Sunday, March 08, 2009

Larry, Curly, Moe: An Eternal Golden Braid


I am a firm believer in the Stopped Clock Principle ("even a stopped clock is right twice a day"). By which is meant, of course, "Even people whose philosophy I despise may be right, even supremely right, about one particular issue."

Today I stumbled on a quote from someone whose philosophy I do indeed despise: the "Reverend Ivan Stang," a "brilliant satirist with a gift for promotion", as the Hacker's Dictionary defines him. A leading member of the so-called "Church of the Subgenius", he is notorious for brilliantly, hilariously, and quite maliciously dissing organized religion in general and Christianity in very focused particular.

The following is from his first book, entitled "High Weirdness by Mail: A Dictionary of the Fringe - Mad Prophets, Crackpots, Kooks, and True Visionaries", published in 1988.

This book belonged to Dave, my former housemate in the late 80s, when I lived at The Stenhouse, The Bachelor Toybox from Hell (a very happy but fortunately relatively brief time from which my wife and wedding day would eventually rescue me). I had long since lost the book, but never forgot the sentiment. However, observing my three little boys beating each other up at home this afternoon, I had a vision of the Stooges in action... which brought to mind this quote.

In this short discussion, Mr. Stang explains in rough outline the first step to true understanding: the existence of the spiritual pecking order among humans. This semi-comic essay was my first step into a longer term project: the discernment of the Spiritual Ladder, and an attempt to understand natural nobility as it manifests itself in our day.

Like I said: I can't abide him or his sniggering anti-Christianity. However, I do recognize his occasional ability to recognize truth and state it well, as here:

There are three kinds of people -- I call them Larrys, Curlys, and Moes. The Larrys don't even know that there are three types; if they're told, it's an abstraction, because they cannot imagine anything beyond Larry-ness. The Curlys know about it, and recognize the pecking order, but find ways of living with it cheerfully...for they are the imaginative, creative ones. The Moes not only know about it, but exploit and perpetuate it.

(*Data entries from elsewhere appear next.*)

Lemma tau_minus_of_triangle Y Z (e : Mor Z Y) T0 (g : Mor Y T0) Q (y : Mor T0 Q)
    (w : Mor Q (shift Z)) :
  dist e (comp y g) w -> Cminus Z -> T T0 -> shift_sub V Q -> tau_minus_of S T U V e.
Proof.
move=> D CZ TT0 [V1 [VV1 isoQ]].
split=> // Z0 [P [W0 [p [q [r [[S0 [SS0 isoP]] [WW0 D0]]]]]]]; split.
- move=> g1.
  have [c cE] : exists c, comp g g1 = comp c q.
    apply: (dist_wcoker D0); rewrite -compA.
    exact: (hom0_unshift (orthST SS0 TT0) isoP).
  have [h ->] : exists h, g1 = comp e h.
    apply: (dist_wker D); rewrite -compA cE compA.
    by rewrite (hom0_iso (orthUV WW0.1 VV1) (is_iso_refl _) isoQ (comp y c)) comp0m.
  by exists h; exact: eqW_refl.
- move=> h1 h2 [W1 [al [be [WW1 hE]]]].
  have [be' beE] : exists be', be = comp e be'.
    by apply: (dist_wker D); exact: (hom0_iso (orthUV WW1.1 VV1) (is_iso_refl _) isoQ).
  have k0 : comp e (h1 - h2 - comp be' al) = 0.
    by rewrite !compBr hE compA -beE subrr.
  case: isoQ => [ph [ph' [ph'ph phph']]].
  have [x Dx] := dist_unrot_iso ph'ph phph' D.
  have [k kE] := dist_wker Dx k0.
  have [k' k'E] : exists k', k = comp k' q.
    by apply: (dist_wcoker D0); exact: (hom0_unshift (orthSV SS0 VV1) isoP).
  rewrite /eqW -(subrK (comp be' al) (h1 - h2)).
  apply: factorsW_add; last exact: factorsW_comp WW1.
  by rewrite kE k'E compA; apply: factorsW_comp WW0.
Qed.

Lemma Cplus_cocone_shiftV Y Z Q (e : Mor Z Y) (v : Mor Y Q) (w : Mor Q (shift Z)) :
  dist e v w -> shift_sub V Q -> Cplus Y -> Cplus Z.
Proof.
move=> D [V1 [VV1 isoQ]] [W0 [QY [p [q [r [WW0 [[VY [VVY isoQY]] DY]]]]]]].
apply: star_T_shiftV_sub_Cplus.
have [N [m [n D3]]] := dist_ext (comp q e).
have [f [g [Do _]]] := dist_oct D ((dist_rot _ _ _).1 DY) D3.
have [E [p1 [p1' [p1'p1 p1p1']]]] := shift_ess N.
have [x Dx] := dist_unrot_iso p1p1' p1'p1 D3.
exists E, QY, x, (comp q e), (comp p1' m); split; last by split; [exists VY | exact: Dx].
apply: (cotorsion_right_orth cpST) => A SA f1.
have [g1 g1E] := dist_wker Do (orthST SA WW0.2 (comp g (comp p1 f1))).
have g10 := hom0_iso (orthSV SA VV1) (is_iso_refl _) isoQ g1.
by rewrite -(comp1m f1) -p1'p1 -compA g1E g10 !compm0.
Qed.

Lemma tau_plus_of_unique X X1 X2 (e1 : Mor X X1) (e2 : Mor X X2) :
  tau_plus_of S T U V e1 -> tau_plus_of S T U V e2 -> isoW S T U V X1 X2.
Proof.
move=> [C1 H1] [C2 H2].
have [h he1] := (H1 X2 C2).1 e2.
have [k ke2] := (H2 X1 C1).1 e1.
exists h, k; split.
- apply: (H1 X1 C1).2; rewrite -compA comp1m.
  exact: eqW_trans (eqW_compl k he1) ke2.
- apply: (H2 X2 C2).2; rewrite -compA comp1m.
  exact: eqW_trans (eqW_compl h ke2) he1.
Qed.

Lemma tau_minus_of_unique Y Y1 Y2 (e1 : Mor Y1 Y) (e2 : Mor Y2 Y) :
  tau_minus_of S T U V e1 -> tau_minus_of S T U V e2 -> isoW S T U V Y1 Y2.
Proof.
move=> [C1 H1] [C2 H2].
have [h e2h] := (H2 Y1 C1).1 e1.
have [k e1k] := (H1 Y2 C2).1 e2.
exists h, k; split.
- apply: (H1 Y1 C1).2; rewrite compA compm1.
  exact: eqW_trans (eqW_compr h e1k) e2h.
- apply: (H2 Y2 C2).2; rewrite compA compm1.
  exact: eqW_trans (eqW_compr k e2h) e1k.
Qed.

Lemma tau_plus_in_H X :
  Cminus X -> exists Z (m : Mor X Z), tau_plus_of S T U V m /\ Hc S T U V Z.
Proof.
move=> CX.
have [Z [m [F [n [UX [a [s [D [CZ [UUX SF]]]]]]]]]] := tau_plus_triangle X.
exists Z, m; split; first exact: tau_plus_of_triangle D CZ UUX SF.
by split=> //; exact: Cminus_cone_unshiftS D SF CX.
Qed.

Lemma tau_minus_in_H Y :
  Cplus Y -> exists Z (e : Mor Z Y), tau_minus_of S T U V e /\ Hc S T U V Z.
Proof.
move=> CY.
have [Z [e [T0 [g [Q [y [w [D [CZ [TT0 VQ]]]]]]]]]] := tau_minus_triangle Y.
exists Z, e; split; first exact: tau_minus_of_triangle D CZ TT0 VQ.
by split=> //; exact: Cplus_cocone_shiftV D VQ CY.
Qed.

End TwinCotorsionPair.

Theorem corollary2p15 (C : TriCat) (S T U V : subcat C) :
  twin_cotorsion_pair S T U V ->
  (forall (X X' : Obj C) (eta : Mor X X'),
     Cminus S T U V X -> tau_plus_of S T U V eta ->
     exists H0, Hc S T U V H0 /\ isoW S T U V X' H0) /\
  (forall (Y Y' : Obj C) (eps : Mor Y' Y),
     Cplus S T U V Y -> tau_minus_of S T U V eps ->
     exists H0, Hc S T U V H0 /\ isoW S T U V Y' H0).
Proof.
move=> twin; split.
- move=> X X' eta CX tau_eta.
  have [Z [m [tau_m HZ]]] := tau_plus_in_H twin CX.
  by exists Z; split=> //; exact: (tau_plus_of_unique twin tau_eta tau_m).
- move=> Y Y' eps CY tau_eps.
  have [Z [e [tau_e HZ]]] := tau_minus_in_H twin CY.
  by exists Z; split=> //; exact: (tau_minus_of_unique twin tau_eps tau_e).
Qed.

The naive, pleasant believers of all kinds are Larrys -- ineffectual, well-meaning do-gooders destined always to be victims, often without once guessing their status. Like sheep, they don't want to hear the unpleasant legends about "the slaughterhouse"; they trust the strange two-legged beings who feed them. The artists, unsung scientific geniuses, political writers, and earnest disciples of the stranger cults are Curlys -- engaging, original, accident-prone but full of life, intuitively aware of the Moe forces plotting against them and trying to fight back. They can never defeat the Moes, however, without BECOMING Moes, which is impossible for a true Curly.

The Moes, then, are the fanatics, the ranters, the cult gurus, the Uri Gellers AND the Debunkers; they are the Resistance Leaders and the Ruling Class Bankers. They hate each other, but only because they want to control ALL the Larrys and Curlys themselves. They don't actually enjoy their dominance; it's simply part of their nature. Nor are they less foolish for the fact that they make the decisions. They suffer a chronic paranoia that is unknown to their less demanding underlings. Larrys and Curlys die in wars started by rival Moes -- the Larrys willingly, the Curlys with great regret. Concepts like "Hell" and "Sin" were invented by Moes to keep Larrys in line; the Larrys in turn, being far more numerous, exert social pressures on the Curly minority to also obey...mainly so the Larrys won't feel like suckers.

The Moes also invent myths, like that of the "Grouchos, Harpos, Chicos, and Zeppos," to throw the more rebellious Curlys off their trail and keep them unsure of the real situations. (When the Curly's finally die of overwork, the Moes find that they cannot live in an all-Larry world; they select special Larry's and vainly try to mold them into False Curlys...but it isn't the same.)

I am a Moe, though not a particularly powerful one; that is why I know these things, and it is also why I dare to tell you -- for most of you will think it's just a funny joke. A few will know it is the truth, but will fight far harder against my Moe enemies than you will against me, a relatively harmless Moe. My fellow Moes -- enemies and uneasy SubGenius allies alike -- will know what I'm REALLY saying...


Ivan Stang. Smart man.

And it is in honor of this quote that I have always kept three little statuettes on my desk at work, near my image of St. Thomas More: one each of Larry, Curly, and Moe.

But he is, however, wrong. There are not three types of people, but seven (with infinite gradations within each type). Of which, more presently.

ADDENDUM:


A friend of mine objects to the "sin is invented" meme embedded above. Well, I don't buy it either. Stang probably stole it from Heinlein, who stole it from Nietzsche, who stole it from Rousseau. Doesn't make the rest of the insight untrue. (Alas, Moes may not have invented the concept of sin, but they have certainly and often exploited it to their own ends.)